● What this task involves: Please return exactly the lines from the one containing "Set Implicit Arguments." through the end of the records, including both.
*** Extracted records ***
(* Let $f(x)=\frac1n\sum_{i=1}^nf_i(x)$ on $\mathbb{R}^d$, where each $f_i$ is convex and $L_i$-smooth, and let $x^*$ be a minimizer of $f$. Consider SGD with the SPS$^\ell_{\max}$ stepsize (defined in the context), and let $\alpha:=\min\{\frac1{2cL_{\max}},\gamma_b\}$ with $L_{\max}=\max_iL_i$. (i) If $c=1$, then for every $K\ge1$, $\mathbb{E}[f(\bar x^K)-f(x^* )]\le\frac{\|x^0-x^*\|^2}{\alpha K}+\frac{2\gamma_b\hat\sigma_B^2}{\alpha}$, where $\bar x^K=\frac1K\sum_{k=0}^{K-1}x^k$. (ii) If in addition $f$ is $\mu$-strongly convex and $c\ge1/2$, then for every $k\ge0$, $\mathbb{E}\|x^k-x^*\|^2\le(1-\mu\alpha)^k\|x^0-x^*\|^2+\frac{2\gamma_b\hat\sigma_B^2}{\mu\alpha}$.
   Context: Minibatches: fix a batch size $B$; at each iteration a subset $\mathcal S_k\subseteq[n]$, $|\mathcal S_k|=B$, is sampled uniformly at random, independently across iterations. For $\mathcal S\subseteq[n]$, $f_{\mathcal S}:=\frac1{|\mathcal S|}\sum_{i\in\mathcal S}f_i$, $f^*_{\mathcal S}:=\inf_xf_{\mathcal S}(x)$ (assumed finite), and $\ell^*_{\mathcal S}$ is a given real number with $\ell^*_{\mathcal S}\le f^*_{\mathcal S}$. SGD: $x^{k+1}=x^k-\gamma_k\nabla f_{\mathcal S_k}(x^k)$ from given $x^0$. SPS$^\ell_{\max}$ stepsize: $\gamma_k=\min\left\{\frac{f_{\mathcal S_k}(x^k)-\ell^*_{\mathcal S_k}}{c\|\nabla f_{\mathcal S_k}(x^k)\|^2},\ \gamma_b\right\}$ with constants $c,\gamma_b>0$; if $\nabla f_{\mathcal S_k}(x^k)=0$ the iterate is not updated. $\hat\sigma_B^2:=\mathbb{E}_{\mathcal S}[f_{\mathcal S}(x^* )-\ell^*_{\mathcal S}]=f(x^* )-\mathbb{E}_{\mathcal S}[\ell^*_{\mathcal S}]$ with $\mathcal S$ uniform over subsets of size $B$. *)

From HB Require Import structures.
From mathcomp Require Import all_boot all_order all_algebra.
From mathcomp Require Import all_classical all_reals all_analysis.
Set Implicit Arguments. Unset Strict Implicit. Unset Printing Implicit Defensive.
Import Order.TTheory GRing.Theory Num.Theory.
Import numFieldNormedType.Exports.
Local Open Scope ring_scope.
*** End of Extracted records ***
● Your response:
Set Implicit Arguments. Unset Strict Implicit. Unset Printing Implicit Defensive.
Import Order.TTheory GRing.Theory Num.Theory.
Import numFieldNormedType.Exports.
Local Open Scope ring_scope.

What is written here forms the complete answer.